Rather, the first step is to decide what you want the people in your audience to do once they’ve completed the visual storytelling experience designed for them. You must then first answer these questions: Do you want your viewers to be more informed about the topic you’re conveying? Do you want them to request a demo? Or do you want them to buy your product, whatever it is?

So here’s the number-one rule for storytelling through video: always start with a clear, concise, and realistic communication objective.

From the verbal to a more immersive experience

The reality is that we live in an extremely noisy world – 500 hours of videos uploaded to YouTube every minute, more than 2 million articles and 4.6 billion pieces of content produced every day – and limiting this boundless and chaotic mass of words is perhaps the only way to be able to offer an experience that can stand out in the overwhelming flow of daily information.
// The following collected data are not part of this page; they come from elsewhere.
(* Let a natural gas network be given by a connected directed graph with node set $\{1,\dots,N\}$ and edge set $\{1,\dots,E\}$ (no self-loops, no parallel edges), with node-edge incidence matrix $A\in\mathbb{R}^{N\times E}$, and let $B\in\mathbb{R}^{N\times E}$, $\gamma_{1}\in\mathbb{R}^{E}$, $\gamma_{2}\in\mathbb{R}^{E\times N}$, $\gamma_{3}\in\mathbb{R}^{E\times E}$, $\delta\in\mathbb{R}^{N}$ be given. Fix a reference node $\mathrm{r}$ and a value $\mathring{\pi}_{\mathrm{r}}\in\mathbb{R}$. Define $\hat{\gamma}_{2}=A\gamma_{2}$, $\hat{\gamma}_{3}=B+A\gamma_{3}$, assume that the matrix $\hat{\gamma}_{2\backslash\mathrm{r}}$ obtained from $\hat{\gamma}_{2}$ by deleting its $\mathrm{r}$-th row and column is invertible, let $\breve{\gamma}_{2}\in\mathbb{R}^{N\times N}$ have zero $\mathrm{r}$-th row and column and remaining entries equal to those of $\hat{\gamma}_{2\backslash\mathrm{r}}^{-1}$, and set $\grave{\gamma}_{2}=\gamma_{2}\breve{\gamma}_{2}$, $\grave{\gamma}_{3}=\gamma_{2}\breve{\gamma}_{2}\hat{\gamma}_{3}-\gamma_{3}$. For $\vartheta\in\mathbb{R}^{N}$, $\kappa\in\mathbb{R}^{E}$, $\varphi\in\mathbb{R}^{E}$, $\pi\in\mathbb{R}^{N}$, $\alpha\in\mathbb{R}^{N\times N}$, $\beta\in\mathbb{R}^{E\times N}$, define the network response model, for $\xi\in\mathbb{R}^{N}$, $$\tilde{\vartheta}(\xi)=\vartheta+\alpha\xi,\quad \tilde{\kappa}(\xi)=\kappa+\beta\xi,\quad \tilde{\pi}(\xi)=\pi+\breve{\gamma}_{2}(\alpha-\hat{\gamma}_{3}\beta-I_{N})\xi,\quad \tilde{\varphi}(\xi)=\varphi+\big(\grave{\gamma}_{2}(\alpha-I_{N})-\grave{\gamma}_{3}\beta\big)\xi,$$ and $\tilde{\delta}(\xi)=\delta+\xi$. Suppose that $$A\varphi=\vartheta-B\kappa-\delta,\qquad (\alpha-B\beta)^{\top}\mathbb{1}=\mathbb{1},\qquad \varphi=\gamma_{1}+\gamma_{2}\pi+\gamma_{3}\kappa,\qquad \pi_{\mathrm{r}}=\mathring{\pi}_{\mathrm{r}},\ [\alpha]_{\mathrm{r}}=\mathbb{0}^{\top},\ [\beta]_{\mathrm{r}}=\mathbb{0}^{\top}.$$ Then the model is admissible, i.e., for every $\xi\in\mathbb{R}^{N}$, $$A\tilde{\varphi}(\xi)=\tilde{\vartheta}(\xi)-B\tilde{\kappa}(\xi)-\tilde{\delta}(\xi),\qquad \tilde{\varphi}(\xi)=\gamma_{1}+\gamma_{2}\tilde{\pi}(\xi)+\gamma_{3}\tilde{\kappa}(\xi),\qquad \tilde{\pi}_{\mathrm{r}}(\xi)=\mathring{\pi}_{\mathrm{r}}.$$
   Context: The node-edge incidence matrix is defined by: for each edge $\ell=(n,n')$ directed from sending node $n$ to receiving node $n'$, $A_{n\ell}=+1$, $A_{n'\ell}=-1$, and $A_{k\ell}=0$ otherwise. $\mathbb{1}$ and $\mathbb{0}$ denote all-ones and all-zeros vectors of appropriate dimension, $I_N$ the identity matrix, and $[M]_{\mathrm{r}}$ the $\mathrm{r}$-th row of a matrix $M$. $\vartheta$ are gas injections, $\kappa$ pressure regulation rates, $\varphi$ flow rates, $\pi$ squared pressures, $\alpha,\beta$ recourse (policy) matrices, $\delta$ mean extractions and $\xi$ the extraction forecast error. The equation $\varphi=\gamma_{1}+\gamma_{2}\pi+\gamma_{3}\kappa$ is a linearized Weymouth equation with given coefficients $\gamma_1,\gamma_2,\gamma_3$. *)

From HB Require Import structures.
From mathcomp Require Import all_boot all_order all_algebra.
Set Implicit Arguments. Unset Strict Implicit. Unset Printing Implicit Defensive.
Import Order.TTheory GRing.Theory Num.Theory.
Local Open Scope ring_scope.

Definition no_self_loops (N E : nat) (src dst : 'I_E -> 'I_N) : Prop :=
  forall e, src e != dst e.

Definition no_parallel_edges (N E : nat) (src dst : 'I_E -> 'I_N) : Prop :=
  forall e e', src e = src e' -> dst e = dst e' -> e = e'.

Definition adj (N E : nat) (src dst : 'I_E -> 'I_N) : rel 'I_N :=
  fun n m => [exists e, ((src e == n) && (dst e == m)) || ((src e == m) && (dst e == n))].

Definition connected_graph (N E : nat) (src dst : 'I_E -> 'I_N) : Prop :=
  forall n m, connect (adj src dst) n m.

Definition incidence (R : ringType) (N E : nat) (src dst : 'I_E -> 'I_N) : 'M[R]_(N, E) :=
  \matrix_(n, l) (if n == src l then 1 else if n == dst l then -1 else 0).

Definition g2hat (R : ringType) (N E : nat) (A : 'M[R]_(N, E)) (g2 : 'M[R]_(E, N)) : 'M[R]_N :=
  A *m g2.

Definition g3hat (R : ringType) (N E : nat) (A B : 'M[R]_(N, E)) (g3 : 'M[R]_E) : 'M[R]_(N, E) :=
  B + A *m g3.

Definition del_rc (R : Type) (N : nat) (r : 'I_N) (M : 'M[R]_N) : 'M[R]_(N.-1) :=
  row' r (col' r M).

Definition g2breve (R : comUnitRingType) (N : nat) (r : 'I_N) (G2hat : 'M[R]_N) : 'M[R]_N :=
  \matrix_(i, j)
    match unlift r i, unlift r j with
    | Some i', Some j' => invmx (del_rc r G2hat) i' j'
    | _, _ => 0
    end.

Definition ones (R : ringType) (n : nat) : 'cV[R]_n := const_mx 1.

From HB Require Import structures.
From mathcomp Require Import all_boot all_order all_algebra.
Import Order.TTheory GRing.Theory Num.Theory.
Local Open Scope ring_scope.

(* The columns of the incidence matrix sum to zero, hence so do those of
   [hat g2 = A g2], and [hat g2 * breve g2 = I - e_r 1^T]. The condition
   [(al - B be)^T 1 = 1] makes the columns of [M = al - hat g3 be - I] sum to
   zero as well, so [hat g2 * breve g2] fixes [M]; this is exactly the flow
   balance of the perturbed state. The Weymouth relation is affine, so it
   transfers to the perturbation, and the reference pressure is unchanged
   because the [r]-th row of [breve g2] vanishes. *)

Lemma incidence_colsum0 (R : nzRingType) N E (src dst : 'I_E -> 'I_N) :
  no_self_loops src dst -> (ones R N)^T *m incidence R src dst = 0.
Proof.
move=> noloop; apply/rowP => l; rewrite /ones !mxE.
rewrite (bigD1 (src l)) //= (bigD1 (dst l)) /=; last by rewrite eq_sym noloop.
rewrite big1 ?addr0 => [|n /andP[nsrc ndst]]; last first.
  by rewrite !mxE (negbTE nsrc) (negbTE ndst) mulr0.
by rewrite !mxE eqxx eq_sym (negbTE (noloop l)) eqxx !mul1r subrr.
Qed.

Section G2breve.

Variables (R : comUnitRingType) (N : nat) (r : 'I_N) (G : 'M[R]_N).

Lemma g2breve_mul_row_r K (M : 'M[R]_(N, K)) j : (g2breve r G *m M) r j = 0.
Proof. by rewrite mxE big1 // => k _; rewrite mxE unlift_none mul0r. Qed.

Hypothesis G_colsum0 : (ones R N)^T *m G = 0.
Hypothesis G_del_unit : del_rc r G \in unitmx.

Lemma colsum0_row_r k : G r k = - \sum_(i < N.-1) G (lift r i) k.
Proof.
apply/eqP; rewrite -addr_eq0.
have /rowP/(_ k) := G_colsum0; rewrite /ones !mxE (bigD1_ord r) //= => /eqP.
by under eq_bigr do rewrite !mxE mul1r; rewrite !mxE mul1r.
Qed.

Lemma mul_g2breve : G *m g2breve r G = 1%:M - delta_mx r 0 *m (ones R N)^T.
Proof.
have GDV := mulmxV G_del_unit.
apply/matrixP => i j; rewrite !mxE big_ord1 !mxE (bigD1_ord r) //= !mxE.
rewrite unlift_none mulr0 add0r mulr1.
case: (unliftP r j) => [j'|] -> /=; last first.
  rewrite big1 => [|k _]; last by rewrite !mxE unlift_none; case: unlift; rewrite mulr0.
  by rewrite eqxx; case: eqP; rewrite ?subrr ?subr0.
rewrite eqxx andbT.
under eq_bigr do rewrite mxE !liftK.
case: (unliftP r i) => [i'|] ->.
  rewrite (inj_eq (@lift_inj _ r)) [lift r i' == r]eq_sym (negbTE (neq_lift r i')) subr0.
  have /matrixP/(_ i' j') := GDV; rewrite !mxE => <-.
  by apply: eq_bigr => k _; rewrite !mxE.
rewrite eqxx (negbTE (neq_lift r j')) sub0r.
under eq_bigr do rewrite colsum0_row_r mulNr mulr_suml.
rewrite sumrN; congr (- _).
transitivity (((ones R N.-1)^T *m del_rc r G *m invmx (del_rc r G)) 0 j').
  rewrite mxE; apply: eq_bigr => k _; rewrite -mulr_suml !mxE; congr (_ * _).
  by apply: eq_bigr => l _; rewrite /ones !mxE mul1r.
by rewrite -mulmxA GDV mulmx1 /ones !mxE.
Qed.

Lemma mul_g2breveKr K (M : 'M[R]_(N, K)) :
  (ones R N)^T *m M = 0 -> G *m (g2breve r G *m M) = M.
Proof.
by move=> M_colsum0; rewrite mulmxA mul_g2breve mulmxBl mul1mx -mulmxA M_colsum0 mulmx0 subr0.
Qed.

End G2breve.

Theorem lemma2 (R : realFieldType) (N E : nat)
  (src dst : 'I_E -> 'I_N)
  (Hloop : no_self_loops src dst)
  (Hpar : no_parallel_edges src dst)
  (Hconn : connected_graph src dst)
  (B : 'M[R]_(N, E)) (g1 : 'cV[R]_E) (g2 : 'M[R]_(E, N)) (g3 : 'M[R]_E)
  (delta : 'cV[R]_N) (r : 'I_N) (pi_r0 : R)
  (Hinv : del_rc r (g2hat (incidence R src dst) g2) \in unitmx)
  (vt : 'cV[R]_N) (ka : 'cV[R]_E) (ph : 'cV[R]_E) (pi : 'cV[R]_N)
  (al : 'M[R]_N) (be : 'M[R]_(E, N))
  (H1 : incidence R src dst *m ph = vt - B *m ka - delta)
  (H2 : (al - B *m be)^T *m ones R N = ones R N)
  (H3 : ph = g1 + g2 *m pi + g3 *m ka)
  (H4 : pi r 0 = pi_r0)
  (H5 : forall j, al r j = 0)
  (H6 : forall (e : 'I_E), nat_of_ord e = nat_of_ord r -> forall j, be e j = 0) :
  let A := incidence R src dst in
  let G2h := g2hat A g2 in
  let G3h := g3hat A B g3 in
  let G2b := g2breve r G2h in
  let G2g := g2 *m G2b in
  let G3g := g2 *m G2b *m G3h - g3 in
  let vt_t := fun xi : 'cV[R]_N => vt + al *m xi in
  let ka_t := fun xi : 'cV[R]_N => ka + be *m xi in
  let pi_t := fun xi : 'cV[R]_N => pi + G2b *m (al - G3h *m be - 1%:M) *m xi in
  let ph_t := fun xi : 'cV[R]_N => ph + (G2g *m (al - 1%:M) - G3g *m be) *m xi in
  let de_t := fun xi : 'cV[R]_N => delta + xi in
  forall xi : 'cV[R]_N,
    [/\ A *m ph_t xi = vt_t xi - B *m ka_t xi - de_t xi,
        ph_t xi = g1 + g2 *m pi_t xi + g3 *m ka_t xi
      & pi_t xi r 0 = pi_r0].
Proof.
move=> A G2h G3h G2b G2g G3g vt_t ka_t pi_t ph_t de_t xi.
have A_colsum0 : (ones R N)^T *m A = 0 by exact: incidence_colsum0.
have G2h_colsum0 : (ones R N)^T *m G2h = 0 by rewrite mulmxA A_colsum0 mul0mx.
set M := al - G3h *m be - 1%:M.
have M_split : M = (al - B *m be - 1%:M) - A *m g3 *m be.
  by rewrite /M /G3h /g3hat mulmxDl opprD addrA [LHS]addrAC.
have M_colsum0 : (ones R N)^T *m M = 0.
  have := congr1 trmx H2; rewrite trmx_mul trmxK => H2T.
  rewrite M_split 2!mulmxBr H2T mulmx1 subrr sub0r.
  by rewrite !mulmxA A_colsum0 !mul0mx oppr0.
have ph_coef : G2g *m (al - 1%:M) - G3g *m be = g2 *m (G2b *m M) + g3 *m be.
  rewrite /M /G2g /G3g !mulmxBr !mulmxBl !mulmxA.
  by rewrite opprD opprK addrA (addrAC (g2 *m G2b *m al)).
have A_ph_coef : A *m (G2g *m (al - 1%:M) - G3g *m be) = al - B *m be - 1%:M.
  rewrite ph_coef mulmxDr mulmxA mul_g2breveKr //.
  by rewrite M_split mulmxA subrK.
split.
- rewrite /ph_t mulmxDr H1 mulmxA A_ph_coef /vt_t /ka_t /de_t.
  by rewrite !mulmxBl mul1mx mulmxDr mulmxA addrACA (addrACA vt) -!opprD.
- rewrite /ph_t ph_coef /pi_t /ka_t H3 mulmxDl (mulmxDr g2) (mulmxDr g3) !mulmxA.
  by rewrite addrACA (addrA g1).
- by rewrite /pi_t mxE H4 -mulmxA g2breve_mul_row_r addr0.
Qed.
Visual storytelling is able to capture the viewer and hold his attention for longer because it diverts his limited resources of attention from the verbal level, which tends to be experienced exclusively, to different expressive modes at the same time (moving images, words, sounds, music). The degree of involvement, thanks to an experience that is perceived as more immersive, increases considerably.
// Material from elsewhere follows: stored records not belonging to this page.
Lemma path_edges_mem {s : T} {p : seq T} {x y : T} :
  (x, y) \in path_edges s p -> (x \in s :: p) /\ (y \in p).
Proof.
elim: p s => [|a p IH] s //=.
rewrite /path_edges /= in_cons => /orP [/eqP [-> ->]|/IH [hx hy]].
  by rewrite !in_cons !eqxx.
by rewrite in_cons hx orbT in_cons hy orbT.
Qed.

Section SimplePath.
Variables (s : T) (p : seq T).
Hypothesis simple : uniq (s :: p).

Lemma path_edges_pred z1 z2 v :
  (z1, v) \in path_edges s p -> (z2, v) \in path_edges s p -> z1 = z2.
Proof.
elim: p s simple => [|a q IH] s' //= /andP [_ Hu].
have Ha : a \notin q by case/andP: Hu.
rewrite /path_edges /= !in_cons.
case/orP => [/eqP [-> e2]|H1]; case/orP => [/eqP [-> e4]|H2] //.
- by have [_ h] := path_edges_mem H2; move: Ha; rewrite -e2 h.
- by have [_ h] := path_edges_mem H1; move: Ha; rewrite -e4 h.
- exact: IH Hu H1 H2.
Qed.

Lemma path_edges_succ u z1 z2 :
  (u, z1) \in path_edges s p -> (u, z2) \in path_edges s p -> z1 = z2.
Proof.
elim: p s simple => [|a q IH] s' //= /andP [Hs Hu].
rewrite /path_edges /= !in_cons.
case/orP => [/eqP [e1 ->]|H1]; case/orP => [/eqP [e3 ->]|H2] //.
- by have [h _] := path_edges_mem H2; move: Hs; rewrite -e1 h.
- by have [h _] := path_edges_mem H1; move: Hs; rewrite -e3 h.
- exact: IH Hu H1 H2.
Qed.

Lemma path_edges_src_last x y : (x, y) \in path_edges s p -> x != last s p.
Proof.
elim: p s simple => [|a q IH] s' //= /andP [Hs Hu].
rewrite /path_edges /= in_cons => /orP [/eqP [-> _]|/(IH _ Hu) //].
by apply: contraNneq Hs => ->; rewrite mem_last.
Qed.

Lemma path_edges_tgt_head x y : (x, y) \in path_edges s p -> y != s.
Proof.
case/path_edges_mem => _ hy; case/andP: simple => Hs _.
by apply: contraNneq Hs => <-.
Qed.

End SimplePath.
End PathEdges.

Arguments path_edges_pred {T s p} simple {z1 z2 v}.
Arguments path_edges_succ {T s p} simple {u z1 z2}.
Arguments path_edges_src_last {T s p} simple {x y}.
Arguments path_edges_tgt_head {T s p} simple {x y}.

Section TwoPaths.
Variables (V : finType) (E : rel V) (s d : V).
Hypothesis G : two_parallel_paths E s d.

Lemma two_paths_edge x y : E x y ->
  exists q, [/\ uniq (s :: q), last s q = d & (x, y) \in path_edges s q].
Proof.
case: G => _ [p1 [p2 [[_ L1 U1] [_ L2 U2] _ [_ HE] _]]].
by rewrite HE => /orP [H|H]; [exists p1 | exists p2].
Qed.

Lemma two_paths_src_neq_d {x y} : E x y -> x != d.
Proof. by case/two_paths_edge => q [U <-]; apply: path_edges_src_last. Qed.

Lemma two_paths_tgt_neq_s {x y} : E x y -> y != s.
Proof. by case/two_paths_edge => q [U _]; apply: path_edges_tgt_head. Qed.

(* Away from d a vertex has at most one predecessor: the two paths share no
   vertex but d after s, so both in-edges lie on the same simple path. *)
Lemma two_paths_unique_pred v : v != d ->
  forall z1 z2, E z1 v -> E z2 v -> z1 = z2.
Proof.
move=> vd z1 z2.
case: G => _ [p1 [p2 [[_ _ U1] [_ _ U2] _ [Hd HE] _]]].
have common (q1 q2 : seq V) a b : (forall x, x \in q1 -> x \in q2 -> x = d) ->
    (a, v) \in path_edges s q1 -> (b, v) \in path_edges s q2 -> a = b.
  move=> Hq /path_edges_mem [_ h1] /path_edges_mem [_ h2].
  by move: vd; rewrite (Hq _ h1 h2) eqxx.
rewrite !HE => /orP [H1|H1] /orP [H2|H2].
- exact: (path_edges_pred (T := V) U1 H1 H2).
- exact: common Hd H1 H2.
- by apply/esym; apply: common Hd H2 H1.
- exact: (path_edges_pred (T := V) U2 H1 H2).
Qed.

Lemma two_paths_unique_succ u : u != s ->
  forall z1 z2, E u z1 -> E u z2 -> z1 = z2.
Proof.
move=> us z1 z2 Hz1; have ud := two_paths_src_neq_d Hz1; move: Hz1.
case: G => _ [p1 [p2 [[_ _ U1] [_ _ U2] _ [Hd HE] _]]].
have common (q1 q2 : seq V) a b : (forall x, x \in q1 -> x \in q2 -> x = d) ->
    (u, a) \in path_edges s q1 -> (u, b) \in path_edges s q2 -> a = b.
  move=> Hq /path_edges_mem [h1 _] /path_edges_mem [h2 _].
  move: h1 h2; rewrite !in_cons (negbTE us) /= => h1 h2.
  by move: ud; rewrite (Hq _ h1 h2) eqxx.
rewrite !HE => /orP [H1|H1] /orP [H2|H2].
- exact: (path_edges_succ (T := V) U1 H1 H2).
- exact: common Hd H1 H2.
- by apply/esym; apply: common Hd H2 H1.
- exact: (path_edges_succ (T := V) U2 H1 H2).
Qed.

End TwoPaths.

Arguments two_paths_src_neq_d {V E s d} G {x y}.
Arguments two_paths_tgt_neq_s {V E s d} G {x y}.
Arguments two_paths_unique_pred {V E s d} G v.
Arguments two_paths_unique_succ {V E s d} G u.

Section Flows.
Variables (R : realType) (V : finType).

Lemma share_bound (P : pred V) (w : V -> R) (a : R) v :
  P v -> (forall z, P z -> 0 < w z) -> 0 <= a ->
  0 <= a * w v / \sum_(z | P z) w z <= a.
Proof.
move=> Pv wpos a0.
have le_wS : w v <= \sum_(z | P z) w z.
  rewrite (bigD1 v) //= lerDl sumr_ge0 // => z /andP [Pz _].
  exact/ltW/wpos.
have S0 : 0 < \sum_(z | P z) w z by apply: lt_le_trans le_wS; exact: wpos.
have q0 : 0 <= w v / \sum_(z | P z) w z by rewrite divr_ge0 // ltW // wpos.
have q1 : w v / \sum_(z | P z) w z <= 1 by rewrite ler_pdivrMr // mul1r.
by rewrite -mulrA mulr_ge0 //= ler_piMr.
Qed.

Lemma fflow_bound {E : rel V} {p} {f : V -> nat -> R} {u v t} :
  E u v -> (forall z, E u z -> 0 < p u z t) -> 0 <= f u t ->
  0 <= fflow E p f u v t <= f u t.
Proof.
move=> Euv ppos f0; rewrite /fflow; case: ifP => _; first by rewrite f0 lexx.
exact: share_bound.
Qed.

Lemma bflow_reverse (E : rel V) p (b : V -> nat -> R) u v t :
  bflow E p b u v t = fflow (fun x y => E y x) (fun x y => p y x) b v u t.
Proof. by []. Qed.

Lemma bflow_bound {E : rel V} {p} {b : V -> nat -> R} {u v t} :
  E u v -> (forall z, E z v -> 0 < p z v t) -> 0 <= b v t ->
  0 <= bflow E p b u v t <= b v t.
Proof. by rewrite bflow_reverse; exact: fflow_bound. Qed.

Lemma sum_at_most_one (P : pred V) (F : V -> R) (M : R) :
  (forall z1 z2, P z1 -> P z2 -> z1 = z2) ->
  (forall z, P z -> 0 <= F z <= M) -> 0 <= M ->
  0 <= \sum_(z | P z) F z <= M.
Proof.
move=> uniqP FM M0; case: (pickP P) => [z Pz|none]; last first.
  by rewrite big_pred0 // lexx.
rewrite (big_pred1 z) ?FM // => x.
by apply/idP/eqP => [Px|->]; [exact: uniqP|].
Qed.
How to use the potential embedded in video storytelling within companies’ strategies? Hbow to turn video into an exceptional marketing tool?

Harnessing the potential of visual storytelling: some tips

To build videos that channel the potential of a story, there are different approaches and different techniques. Fortunately, there are also some constants. Let’s start with these.

  • Identify your goal and target audience.
  • Create your story. Best to rely on those who do this job for a living. A solid script is essential so that the video’s plot is clear and the characters are well-defined and memorable.
  • Choose the video format (animated, live actors, special effects). This decision depends largely on your budget and time available.
  • Decide whether to organize a production team in-house or hire an outside production studio.
  • Create a communication strategy to promote your video. Social media coverage, launching on company websites and blogs, creating ad hoc landing pages, press releases and events… make sure that the video has the space and channels for a widespread, timely, and balanced distribution.

Stories in video: consistent, memorable, enjoyable to watch

  1. Create a strong, consistent narrative structure. Make it easy for your viewers to follow the story by renewing their interest with studied twists and taking them through the story arc to the finale.
  2. Make your characters recognizable. People should be able to recognize themselves in the dynamics of the story and the characters’ behaviors. That’s why using polarizing characters, while undoubtedly a lot of fun, could backfire and end up alienating the very segments of the audience you want your message to reach.
  3. Sacrifice parts of the video that risk undermining the success of the narrative. If there are aspects of the video that aren’t functional to the communication goal (and therefore the business goals), eliminate them. To make these often painful cuts, it can help to ask for feedback from third parties, perhaps people in an ideal audience who match the personas identified in the research phase of the project.
  4. And finally, even if it may seem superfluous to remember, create a video that is first of all enjoyable to watch: A visually curated product, built with attention to detail, with a visual concept consistent with the topic and tone-of-voice is an indication of your desire to entertain the people in your audience: your prospects, leads, and customers.

Through video, visual storytelling tells brand stories with greater strength and accuracy, which is why it’s essential, and it holds a position of absolute prominence among the tools chosen by marketers today.